Let’s see how that plays…
The Voice of America says US Secretary of State, Hilary Clinton, will, in her meeting with “senior South African officials” in Pretoria today:
push South Africa to do more to counter embattled President Robert Mugabe’s negative effect on the Zimbabwe reform process.
South Africa under Thabo Mbeki would have bridled and gritted its teeth at the implied imperialist bullying. Word might have gone out that the USA was seeking regime change in South Africa through a delicate and implacable process of setting Thabo Mbeki up for failure, by isolating the South Africans from the African fraternity, by undermining sovereignty …. oh, whatever! It was always impossible to understand Mbeki’s coded warnings about the shenanigans of the imperialists.
The point is, I suppose, Thabo Mbeki’s administration was deeply suspicious of the USA, the UK and of European intentions and actions in Southern Africa. The Movement for Democratic Change in Zimbabwe was constantly hinted to be a front for various combinations of imperialists interests, as were the Kroll trained Scorpions of the National Prosecuting Authority.
It would be naive to imagine that the CIA and MI5 do not have significant interests and intentions in Southern Africa – and some capacity to work towards their objectives. The subject of a later post will be the rise of intelligence services in the post 9/11 world in which the cyberuniverse contains endless information lodes that are both deposited and mined by these intelligence agencies.

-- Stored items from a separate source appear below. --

Theorem lemma4 (R : realType) (n p : nat)
  (f : 'cV[R]_n -> R^o) (Psi : 'cV[R]_n -> \bar R)
  (M : set 'cV[R]_n) (phi : 'cV[R]_p -> 'cV[R]_n)
  (xstar : 'cV[R]_n) (ystar : 'cV[R]_p)
  (U : set 'cV[R]_p) (c rho : R) :
  (* standing assumptions *)
  C1_on setT f ->
  (exists L : R, forall x y, enorm (grad f x - grad f y) <= L * enorm (x - y)) ->
  eproper Psi -> econvex Psi -> lower_semicontinuous Psi ->
  (* x* is stationary: 0 \in grad f(x* ) + \partial Psi(x* ) *)
  (exists2 v, subdiff Psi xstar v & grad f xstar + v = 0) ->
  partly_smooth Psi M phi ystar xstar ->
  let Fphi := fun y => (f (phi y) + fine (Psi (phi y)) : R^o) in
  nbhs ystar U ->
  (forall y, U y -> forall V, clarke_jac (grad Fphi) y V -> psd V) ->
  strongly_semismooth (grad Fphi) ystar ->
  0 < c -> 0 < rho <= 1 ->
  exists C : R, exists2 delta : R, 0 < delta &
    forall y, U y -> enorm (y - ystar) < delta ->
    forall V, clarke_jac (grad Fphi) y V ->
    let g := grad Fphi y in
    let mu := c * enorm g `^ rho in
    let H := V + mu%:M in
    let d := enorm (y - ystar) in
    g != 0 ->
    forall q : 'cV[R]_p,
      enorm (H *m q + g) <= 10^-1 * Num.min (enorm g) (enorm g `^ (1 + rho)) ->
      enorm q <= 2 * d + mu^-1 * (C * d ^+ 2)
                 + 10^-1 * mu^-1 * enorm g `^ (1 + rho).
Proof.
move=> [_ f_C1] _ _ _ _ [v v_sub Gv0] Psi_smooth Fphi U_ystar U_psd.
move=> [_ [C [delta delta0 semismooth]]] c0 rho_itv.
have f_partial z j : derivable f z (ebasis j) by case: (f_C1 z I j).
have f_cont j : {for phi ystar, continuous (partial f j)} by case: (f_C1 (phi ystar) I j).
case: Psi_smooth => _ [[[[_ phi_C1] _] [_ [phi_ystar _]]] [[W W_ystar [W_fin [[_ B_C1] _]]] _]].
have phi_partial j : derivable phi ystar (ebasis j) by case: (phi_C1 ystar I j).
have B_partial j : derivable (fun y => fine (Psi (phi y)) : R^o) ystar (ebasis j).
  by case: (B_C1 ystar W_ystar j).
rewrite -phi_ystar in v_sub Gv0.
have g0 : grad Fphi ystar = 0 := grad_comp_eq0_of_stationary
  f_partial f_cont phi_partial W_ystar W_fin B_partial v_sub Gv0.
exists C; exists delta => // y Uy yd V V_jac g mu H d g_neq0 q q_res.
have g_residual : enorm (g - V *m (y - ystar)) <= C * d ^+ 2.
  by move: (semismooth _ yd V); rewrite subrKC g0 subr0; apply.
have mu0 : 0 < mu.
  rewrite mulr_gt0 // powR_gt0 // lt_def enorm_ge0 andbT.
  by apply: contra g_neq0 => /eqP/enorm_eq0/eqP.
apply: le_trans (psd_shift_solution_le (U_psd y Uy V V_jac) mu0 q_res g_residual) _.
rewrite lerD2l mulrA [mu^-1 * _]mulrC; apply: ler_wpM2l; last by rewrite ge_min lexx orbT.
by rewrite mulr_ge0 // invr_ge0 ltW.
Qed.
(* Let $k\ge3$ and let $B$ be a bipartite graph with left vertex set $I$ and right vertex set $J$, left-regular of degree $k$ and with right degree $O(k)$. The graph $G=G(B)$ (constructed explicitly from $B$ as described in the context) has $O(k^4|I|)$ vertices and maximum vertex degree $O(k^2)$, and $G$ is $k$-colourable if and only if it is possible to map the pigeons $I$ to holes in $J$, each pigeon $i$ to a hole in $J_i$, in a one-to-one fashion, i.e., if and only if the equations $$\sum_{j\in J_i} p_{i,j}=1\ (i\in I),\qquad p_{i,j}p_{i,j'}=0\ (i\in I,\ j\neq j'\in J_i),\qquad p_{i,j}p_{i',j}=0\ (i\neq i'\in I,\ j\in J_i\cap J_{i'})$$ are simultaneously satisfiable over $\{0,1\}$.
   Context: $J_i$ is the set of $k$ neighbours of pigeon $i$ in $B$. Construction: for each pigeon $i$ fix an enumeration of its $k$ edges by $1,\dots,k$. For every pair of distinct pigeons $i\ne i'$ and $c,c'\in[k]$ such that the $c$th edge of $i$ and the $c'$th edge of $i'$ lead to the same hole, add a gadget: two disjoint $k$-cliques $l_1,\dots,l_k$ and $r_1,\dots,r_k$; edge $\{i,l_1\}$; a new vertex pre-coloured $c$ adjacent to $l_2,\dots,l_{k-1}$; edge $\{i',r_1\}$; a new vertex pre-coloured $c'$ adjacent to $r_2,\dots,r_{k-1}$; if $c=c'$ add edge $\{l_k,r_k\}$, otherwise identify $l_k$ with $r_k$. Pigeon vertices are shared among gadgets, all other vertices are new. Call the union $\widehat{G}$. Then take new vertices $z_1,\dots,z_M$ with $M=O(k^3|I|)$ large enough, and make every set of $k$ consecutive vertices $\{z_t,\dots,z_{t+k-1}\}$ a $k$-clique. Process the pre-coloured vertices of $\widehat{G}$ one by one: a vertex pre-coloured $c$ is identified with the first vertex $z_t$ with $t\equiv c \pmod k$ not yet used. The resulting graph, with no pre-colouring, is $G(B)$. $k$-colourable means having a map to $[k]$ with distinct colours on the endpoints of every edge. *)

From mathcomp Require Import all_boot.
Set Implicit Arguments. Unset Strict Implicit. Unset Printing Implicit Defensive.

But seriously, are we to think of whatever Hilary Clinton says today about South Africa and Zimbabwe and the role of Mad Bob and the MDC as part of a grand imperialist plan for our region?

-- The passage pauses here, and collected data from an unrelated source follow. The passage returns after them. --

Lemma before_uniq (A : eqType) (P : pred A) l : uniq l ->
  before P P l = has (fun u => P u && has (fun v => (u != v) && P v) l) l.
Proof.
elim: l => //= x l IH /andP[xl ul]; rewrite IH // eqxx /=.
apply/idP/idP.
  case/orP=> [/andP[Px /hasP[v vl Pv]]|].
    apply/orP; left; rewrite Px /=; apply/hasP; exists v => //.
    by rewrite Pv andbT; apply: contraNneq xl => ->.
  case/hasP=> u u_l /andP[Pu /hasP[v vl /andP[uv Pv]]].
  apply/orP; right; apply/hasP; exists u => //; rewrite Pu /=.
  by apply/orP; right; apply/hasP; exists v => //; rewrite uv.
case/orP=> [/andP[Px /hasP[v vl /andP[_ Pv]]]|].
  by apply/orP; left; rewrite Px; apply/hasP; exists v.
case/hasP=> u u_l /andP[Pu /orP[/andP[_ Px]|/hasP[v vl /andP[uv Pv]]]].
  by apply/orP; left; rewrite Px; apply/hasP; exists u.
apply/orP; right; apply/hasP; exists u => //; rewrite Pu; apply/hasP; exists v => //.
by rewrite uv.
Qed.

Definition asbool (P : Prop) : bool :=
  if excluded_middle_informative P then true else false.

Lemma asboolP P : reflect P (asbool P).
Proof. by rewrite /asbool; case: excluded_middle_informative => h; constructor. Qed.

Record dta (L : Type) := Dta {
  state : finType;
  hstate : finType;
  hinit : L -> hstate;
  hstep : L -> hstate -> state -> hstate;
  hout : L -> hstate -> state;
  final : pred state }.
Arguments state {L} _.
Arguments hstate {L} _.
Arguments hinit {L} _ _.
Arguments hstep {L} _ _ _ _.
Arguments hout {L} _ _ _.
Arguments final {L} _ _.

Definition dta_trans L (A : dta L) (l : L) (w : seq (state A)) : state A :=
  hout A l (foldl (hstep A l) (hinit A l) w).
Arguments dta_trans {L} A l w.

Definition dta_eval L (A : dta L) D so (nu : seq nat -> L) :=
  tree_fold D (dta_trans A) so nu.
Arguments dta_eval {L} A D so nu _.

Definition dta_accepts L (A : dta L) D so nu := final A (dta_eval A D so nu [::]).
Arguments dta_accepts {L} A D so nu.

Lemma eq_dta_accepts L (A : dta L) D so nu nu' : [::] \in D ->
  {in D, nu =1 nu'} -> dta_accepts A D so nu = dta_accepts A D so nu'.
Proof. by move=> rD E; rewrite /dta_accepts /dta_eval (eq_tree_fold _ _ rD E). Qed.

Section AtomicAutomata.
Variables (Sigma : Type) (T : utree Sigma) (L : Type) (nu : seq nat -> L).
Notation D := (dom T).

Definition exists_aut (p : pred L) : dta L :=
  @Dta L bool (bool * bool)%type (fun _ => (false, false))
    (fun _ => before_step id pred0 pred0) (fun l h => p l || h.1) id.

Lemma exists_aut_accepts p o :
  dta_accepts (exists_aut p) D o nu = has (fun w => p (nu w)) D.
Proof.
rewrite /dta_accepts /dta_eval -(@tree_fold_unique D _ _ _ o nu
  (fun s => has (fun w => prefix s w && p (nu w)) D)) ?root_in_dom //.
- by apply: eq_has => w; rewrite prefix0s.
- move=> s sD; rewrite (has_descendant (fun w => p (nu w)) o sD).
  by rewrite /dta_trans /= foldl_before_step /= has_map.
Qed.

Definition desc_aut (p r : pred L) : dta L :=
  @Dta L (bool * bool)%type (bool * bool)%type (fun _ => (false, false))
    (fun _ => before_step fst snd pred0)
    (fun l h => (r l || h.1, h.2 || (p l && h.1))) snd.

Lemma desc_aut_accepts p r o : dta_accepts (desc_aut p r) D o nu =
  has (fun u => p (nu u) && has (fun v => desc u v && r (nu v)) D) D.
Proof.
pose pw u := p (nu u) && has (fun v => desc u v && r (nu v)) D.
rewrite /dta_accepts /dta_eval -(@tree_fold_unique D _ _ _ o nu
  (fun s => (has (fun w => prefix s w && r (nu w)) D,
             has (fun w => prefix s w && pw w) D))) ?root_in_dom //.
- by rewrite /=; apply: eq_has => w; rewrite prefix0s.
- move=> s sD; rewrite /dta_trans /= foldl_before_step /= before_pred0 !has_map /=.
  rewrite (has_descendant (fun w => r (nu w)) o sD) (has_descendant pw o sD).
  congr pair; rewrite orbC /pw orbF; congr (_ || (_ && _)).
  by rewrite -(has_strict_descendant T (fun w => r (nu w)) o s).
Qed.

Definition single_aut (m : pred L) : dta L :=
  @Dta L (bool * bool)%type (bool * bool)%type (fun _ => (false, false))
    (fun _ => before_step fst snd fst)
    (fun l h => (m l || h.1, h.2 || (m l && h.1)))
    (fun q => q.1 && ~~ q.2).

Definition marked_below (m : pred (seq nat)) s :=
  has (fun w => prefix s w && m w) D.

Definition two_marked_below (m : pred (seq nat)) s :=
  has (fun u => prefix s u && m u &&
         has (fun v => prefix s v && (u != v) && m v) D) D.

Definition two_marked_below_children (m : pred (seq nat)) o s :=
  [|| has (two_marked_below m) (children D o s),
      has (fun c => marked_below m c &&
             has (fun d => (c != d) && marked_below m d) (children D o s))
          (children D o s)
    | m s && has (marked_below m) (children D o s)].

Lemma two_marked_below_split (m : pred (seq nat)) o s :
  two_marked_below m s -> two_marked_below_children m o s.
Proof.
case/hasP=> u uD /andP[/andP[psu mu] /hasP[v vD /andP[/andP[psv uv] mv]]].
case: (eqVneq s u) => [esu|nsu].
  rewrite -esu in uv mu *; rewrite /two_marked_below_children mu /=.
  have [c cin pcv] := strict_prefix_child o vD psv uv.
  do 2 (apply/orP; right); apply/hasP; exists c => //.
  by apply/hasP; exists v => //; rewrite pcv.
have [cu cuin pcu] := strict_prefix_child o uD psu nsu.
case: (eqVneq s v) => [esv|nsv].
  rewrite -esv in mv uv *; rewrite /two_marked_below_children mv /=.
  do 2 (apply/orP; right); apply/hasP; exists cu => //.
  by apply/hasP; exists u => //; rewrite pcu.
have [cv cvin pcv] := strict_prefix_child o vD psv nsv.
case: (eqVneq cu cv) => [ecuv|ncuv].
  apply/orP; left; apply/hasP; exists cu => //; apply/hasP; exists u => //.
  rewrite pcu mu /=; apply/hasP; exists v => //; by rewrite ecuv pcv uv.
apply/orP; right; apply/orP; left; apply/hasP; exists cu => //.
apply/andP; split; first by apply/hasP; exists u => //; rewrite pcu.
apply/hasP; exists cv => //; rewrite ncuv /=.
by apply/hasP; exists v => //; rewrite pcv.
Qed.

Lemma two_marked_below_join (m : pred (seq nat)) o s : s \in D ->
  two_marked_below_children m o s -> two_marked_below m s.
Proof.
move=> sD.
have child_in c : c \in children D o s -> child_of s c.
  by rewrite mem_children => /andP[].
case/or3P.
- case/hasP=> c /child_in cc.
  case/hasP=> u uD /andP[/andP[pcu mu] /hasP[v vD /andP[/andP[pcv uv] mv]]].
  apply/hasP; exists u => //; rewrite (andP (child_of_strict_prefix cc pcu)).1 mu /=.
  by apply/hasP; exists v => //; rewrite (andP (child_of_strict_prefix cc pcv)).1 uv.
- case/hasP=> c cin /andP[/hasP[u uD /andP[pcu mu]]].
  case/hasP=> d din /andP[cd /hasP[v vD /andP[pdv mv]]].
  apply/hasP; exists u => //.
  rewrite (andP (child_of_strict_prefix (child_in c cin) pcu)).1 mu /=.
  apply/hasP; exists v => //.
  rewrite (andP (child_of_strict_prefix (child_in d din) pdv)).1 mv andbT /=.
  apply/eqP=> euv; rewrite -euv in pdv; move/eqP: cd; apply.
  exact: children_prefix_eq cin din pcu pdv.
- case/andP=> ms /hasP[c /child_in cc /hasP[w wD /andP[pcw mw]]].
  apply/hasP; exists s => //; rewrite prefix_refl ms /=.
  by apply/hasP; exists w => //; rewrite (child_of_strict_prefix cc pcw).
Qed.

Lemma single_aut_accepts m o : dta_accepts (single_aut m) D o nu =
  has (fun w => m (nu w)) D &&
  ~~ has (fun u => m (nu u) && has (fun v => (u != v) && m (nu v)) D) D.
Proof.
pose h1 := marked_below (fun w => m (nu w)).
pose h2 := two_marked_below (fun w => m (nu w)).
rewrite /dta_accepts /dta_eval
  -(@tree_fold_unique D _ _ _ o nu (fun s => (h1 s, h2 s))) ?root_in_dom //.
- rewrite /= /h1 /h2 /marked_below /two_marked_below.
  congr (_ && ~~ _); first by apply: eq_has => w; rewrite prefix0s.
  apply: eq_has => u; rewrite prefix0s /=; congr andb.
  by apply: eq_has => v; rewrite prefix0s.
- move=> s sD; rewrite /dta_trans /= foldl_before_step /= !has_map /= before_map.
  rewrite (before_uniq _ (uniq_children D o s)) /=.
  rewrite {1}/h1 /marked_below (has_descendant (fun w => m (nu w)) o sD).
  rewrite -/(marked_below _ _) -/h1 -orbA; congr pair; apply/idP/idP.
  - exact (@two_marked_below_split (fun w => m (nu w)) o s).
  - exact (@two_marked_below_join (fun w => m (nu w)) o s sD).
Qed.

Variables (so : rel (seq nat)) (hso : sibling_order T so).

Definition sib_aut (p r : pred L) : dta L :=
  @Dta L ((bool * bool) * bool)%type (bool * bool)%type (fun _ => (false, false))
    (fun _ => before_step (fun q => q.1.1) (fun q => q.2) (fun q => q.1.2))
    (fun l h => ((p l, r l), h.2)) (fun q => q.2).

Lemma sib_aut_accepts p r : dta_accepts (sib_aut p r) D so nu =
  has (fun u => p (nu u) && has (fun v => r (nu v) && so u v) D) D.
Proof.
pose pw u := p (nu u) && has (fun v => r (nu v) && so u v) D.
pose good s := has (fun u => prefix s u && (s != u) && pw u) D.
rewrite /dta_accepts /dta_eval -(@tree_fold_unique D _ _ _ so nu
  (fun s => ((p (nu s), r (nu s)), good s))) ?root_in_dom //.
- rewrite /= /good; apply: eq_has => u; rewrite prefix0s /= /pw.
  case: (eqVneq [::] u) => [<-|//] /=; symmetry; apply/negbTE/negP.
  case/andP=> _ /hasP[v _ /andP[_ /(sibling_order_parent hso) [t [_ _ ct _]]]].
  by case/andP: ct => /eqP.
- move=> s sD; rewrite /dta_trans /= foldl_before_step /= !has_map /= before_map.
  rewrite (before_sorted _ _ (sibling_order_trans hso) (sibling_order_irr hso)
             (sorted_children hso s)).
  congr pair; rewrite /good (has_strict_descendant T pw so s).
  have E : {in children D so s,
             (fun c => has (fun w => prefix c w && pw w) D) =1 predU pw good}.
    move=> c; rewrite mem_children => /andP[cD _] /=; rewrite /good.
    by rewrite (has_descendant pw so cD) (has_strict_descendant T pw so c).
  rewrite (eq_in_has E) has_predU orbC; congr orb; apply: eq_in_has => c cin /=.
  rewrite /pw; congr andb; apply/hasP/hasP; last first.
    by case=> v; rewrite mem_children => /andP[vD _] ?; exists v.
  case=> v vD /andP[rv suv]; exists v; last by rewrite rv suv.
  have [t [_ _ ct cv]] := sibling_order_parent hso suv.
  move: cin; rewrite !mem_children => /andP[_ /andP[/eqP s1 psc]]; rewrite vD /=.
  case/andP: ct => /eqP s2 pt; suff -> : s = t by [].
  by apply: (prefix_eq_size psc pt); move: s1; rewrite s2 => -[].
Qed.

End AtomicAutomata.

Lemma all2_size (X Y : Type) (r : X -> Y -> bool) s t : all2 r s t -> size s = size t.
Proof. by elim: s t => [|x s IH] [|y t] //= /andP[_ /IH ->]. Qed.

Lemma all2_rcons (X Y : Type) (r : X -> Y -> bool) s t x y : size s = size t ->
  all2 r (rcons s x) (rcons t y) = all2 r s t && r x y.
Proof.
elim: s t => [|a s IH] [|b t] //=; first by rewrite andbT.
by move=> [E]; rewrite IH // andbA.
Qed.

The first answer is “no” because the USA and their intelligence services have demonstrated that 1.) they have bigger problems to worry about and Southern Africa without oil and without Muslim fundamentalists does not warrant that kind of attention; 2.) their intelligence capacity and ability to manipulate world affairs has been shown to be less formidable than one might have expected – as revealed by that country’s endless bungling in the Middle-East.
The second answer is “yes’ (to the question: does the USA have a plan for this region?). As the world’s policeman the USA is obliged to have an opinion and a strategy about everything. Zimbabwe, while not very high on the list of concerns and objectives of US foreign policy does touch on several strands of US concern in the sub-continent. South Africa represents a major chunk of Africa’s GDP, Angola, with significant US oil interests, has the potential to be drawn into Zimbabwean affairs, Zimbabwe itself sits on the greatest unexploited Platinum reserves and China has a significant and growing interest in, and relationship with, the region. US foreign policy must ultimately focus on the long term and the long term is all about the containment of China.
But at another level it can be unproductive to comb everything that Clinton says today or fails to say for evidence of, and guides to, the deep strategic thinking of the Great Dragon. In diplomacy and the world of the spook the search for hidden meaning and intentions can become self-fulfilling. Clinton is settling into her office and Obama is still carving his role in the world and in Africa. These are not simple or obvious matters and there is undoubtedly a degree of exploration that still needs to take place before “grand strategies” can be unfurled.
I await further reports of her meeting with interest.